## Brief:
The reply to the records below should contain exactly the lines from the line with "[/\ Fl (fun" through the line with "fun i => ops (Ai i) f (fun k => args k i).", and nothing besides.

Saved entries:
※ ※ ※

(* For every class $K$ of algebras of type $\tau$, $$H\mathbf Q(K)=\mathbf S\mathbf P_r\mathbf D(K_0),$$ where $K_0$ is $K$ together with a trivial (one-element) algebra of type $\tau$.
   Context: A hypersubstitution $\sigma$ of type $\tau$ assigns to each $n$-ary operation symbol an $n$-ary term of type $\tau$, extended to all terms; the derived algebra $\mathbf A^\sigma$ replaces each fundamental operation $f_\gamma$ of $\mathbf A$ by $\sigma(f_\gamma)^{\mathbf A}$, and $\mathbf D(K)$ is the class of all derived algebras of members of $K$. A hyper-quasi-identity $\bigwedge_{i<n}(t_i=s_i)\to(t_n=s_n)$ is hypersatisfied in $\mathbf A$ if for every hypersubstitution $\sigma$ the quasi-identity $\bigwedge_{i<n}(\sigma(t_i)=\sigma(s_i))\to(\sigma(t_n)=\sigma(s_n))$ holds in $\mathbf A$. $H\mathbf Q(K)$ is the class of all algebras of type $\tau$ hypersatisfying every hyper-quasi-identity hypersatisfied in all members of $K$. $\mathbf S$ denotes closure under isomorphic copies of subalgebras and $\mathbf P_r$ closure under isomorphic copies of reduced (filtered) products $\prod_{i\in I}\mathbf A_i/F$, $F$ a filter on $I$. *)

From mathcomp Require Import all_boot.
From Stdlib Require List.
Set Implicit Arguments. Unset Strict Implicit. Unset Printing Implicit Defensive.

Section UA.
Variables (F : Type) (ar : F -> nat).

Inductive term (V : Type) : Type :=
| Var : V -> term V
| App : forall f : F, ('I_(ar f) -> term V) -> term V.
Arguments Var {V}. Arguments App {V}.

Record algebra := Algebra {
  carrier :> Type;
  ops : forall f : F, ('I_(ar f) -> carrier) -> carrier }.
Arguments ops : clear implicits.

Fixpoint eval (A : algebra) (V : Type) (v : V -> carrier A) (t : term V) : carrier A :=
  match t with
  | Var x => v x
  | App f ts => ops A f (fun i => eval v (ts i))
  end.

Fixpoint subst (V W : Type) (s : V -> term W) (t : term V) : term W :=
  match t with
  | Var x => s x
  | App f ts => App f (fun i => subst s (ts i))
  end.

(* A hypersubstitution assigns to each n-ary symbol an n-ary term,
   i.e. a term in the variables x_0, ..., x_{n-1}. *)
Definition hypersubst := forall f : F, term 'I_(ar f).

Fixpoint hyp (sigma : hypersubst) (V : Type) (t : term V) : term V :=
  match t with
  | Var x => Var x
  | App f ts => subst (fun i => hyp sigma (ts i)) (sigma f)
  end.

Definition derived (A : algebra) (sigma : hypersubst) : algebra :=
  @Algebra (carrier A) (fun f args => eval args (sigma f)).

Record quasi_identity := QI {
  qi_prem : seq (term nat * term nat);
  qi_concl : term nat * term nat }.

Definition qi_holds (A : algebra) (q : quasi_identity) : Prop :=
  forall v : nat -> carrier A,
    (forall p, List.In p (qi_prem q) -> eval v p.1 = eval v p.2) ->
    eval v (qi_concl q).1 = eval v (qi_concl q).2.

Definition qi_hyp (sigma : hypersubst) (q : quasi_identity) : quasi_identity :=
  QI [seq (hyp sigma p.1, hyp sigma p.2) | p <- qi_prem q]
     (hyp sigma (qi_concl q).1, hyp sigma (qi_concl q).2).

Definition hypersatisfies (A : algebra) (q : quasi_identity) : Prop :=
  forall sigma : hypersubst, qi_holds A (qi_hyp sigma q).

Definition class := algebra -> Prop.

Definition HQ (K : class) : class := fun A =>
  forall q : quasi_identity,
    (forall B, K B -> hypersatisfies B q) -> hypersatisfies A q.

Definition Dcl (K : class) : class := fun A =>
  exists (B : algebra) (sigma : hypersubst), K B /\ A = derived B sigma.

Definition is_hom (A B : algebra) (h : carrier A -> carrier B) : Prop :=
  forall (f : F) (args : 'I_(ar f) -> carrier A),
    h (ops A f args) = ops B f (fun i => h (args i)).

(* S(K): isomorphic copies of subalgebras of members of K, i.e.
   algebras embeddable (injective homomorphism) into a member of K. *)
Definition Scl (K : class) : class := fun A =>
  exists (B : algebra) (h : carrier A -> carrier B),
    K B /\ @is_hom A B h /\ injective h.

Definition is_filter (I : Type) (Fl : (I -> Prop) -> Prop) : Prop :=
  [/\ Fl (fun _ => True),
      (forall X Y : I -> Prop, Fl X -> (forall i, X i -> Y i) -> Fl Y)
    & (forall X Y : I -> Prop, Fl X -> Fl Y -> Fl (fun i => X i /\ Y i))].

Definition prod_ops (I : Type) (Ai : I -> algebra) (f : F)
  (args : 'I_(ar f) -> forall i, carrier (Ai i)) : forall i, carrier (Ai i) :=
  fun i => ops (Ai i) f (fun k => args k i).

(* P_r(K): isomorphic copies of reduced products prod_i A_i / Fl.
   A is such a copy iff there is a surjective map h from prod_i A_i onto A,
   compatible with the operations, whose kernel is exactly the
   congruence  x ~ y  <=>  {i | x i = y i} \in Fl. *)
Definition Prcl (K : class) : class := fun A =>
  exists (I : Type) (Fl : (I -> Prop) -> Prop) (Ai : I -> algebra)
         (h : (forall i, carrier (Ai i)) -> carrier A),
    [/\ is_filter Fl,
        (forall i, K (Ai i)),
        (forall f args, h (@prod_ops I Ai f args) = ops A f (fun k => h (args k))),
        (forall a : carrier A, exists x, h x = a)
      & (forall x y, h x = h y <-> Fl (fun i => x i = y i))].

Definition trivial_alg (A : algebra) : Prop :=
  exists a : carrier A, forall b : carrier A, b = a.

Definition K0 (K : class) : class := fun A => K A \/ trivial_alg A.

End UA.

(* Quasi-identities are preserved by subalgebras and reduced products, and
   hypersatisfaction passes from an algebra to its derived algebras, which
   gives HQ(K) ⊇ SP_rD(K_0); trivial algebras satisfy everything.
   Conversely, let A ∈ HQ(K).  For a finite set Φ of entries
   f(a_1,...,a_n) = a of the operation tables of A and a ≠ b, the
   quasi-identity "Φ → a = b" (elements read as variables) fails in A, hence
   in some derived algebra D of a member of K, under an assignment w.
   Indexing by all such (Φ, a, b) and reducing the product of the D's modulo
   the filter generated by "Φ contains Φ_0", the map a ↦ (w(a))_(Φ,a,b)
   becomes a homomorphism (each entry is eventually among the premises) and
   injective (a ≠ b is separated at the index (Φ_0, a, b)). *)
From mathcomp Require Import all_boot.
From Stdlib Require Import Classical ClassicalEpsilon FunctionalExtensionality.
From Stdlib Require Import ProofIrrelevance PropExtensionality.
From Stdlib Require List.
Set Implicit Arguments. Unset Strict Implicit. Unset Printing Implicit Defensive.

Section Terms.
Variables (F : Type) (ar : F -> nat).
Implicit Types (A B : algebra ar) (sigma tau : hypersubst ar).

Lemma eval_subst A V W (v : W -> A) (s : V -> term ar W) (t : term ar V) :
  eval v (subst s t) = eval (fun x => eval v (s x)) t.
Proof.
elim: t => [x|f ts IH] //=; congr (@ops _ _ _ f _).
by apply: functional_extensionality => i; apply: IH.
Qed.

Lemma subst_subst V W U (s : V -> term ar W) (r : W -> term ar U) (t : term ar V) :
  subst r (subst s t) = subst (fun x => subst r (s x)) t.
Proof.
elim: t => [x|f ts IH] //=; congr (App _).
by apply: functional_extensionality => i; apply: IH.
Qed.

※ ※ ※

## Finished task:
  [/\ Fl (fun _ => True),
      (forall X Y : I -> Prop, Fl X -> (forall i, X i -> Y i) -> Fl Y)
    & (forall X Y : I -> Prop, Fl X -> Fl Y -> Fl (fun i => X i /\ Y i))].

Definition prod_ops (I : Type) (Ai : I -> algebra) (f : F)
  (args : 'I_(ar f) -> forall i, carrier (Ai i)) : forall i, carrier (Ai i) :=
  fun i => ops (Ai i) f (fun k => args k i).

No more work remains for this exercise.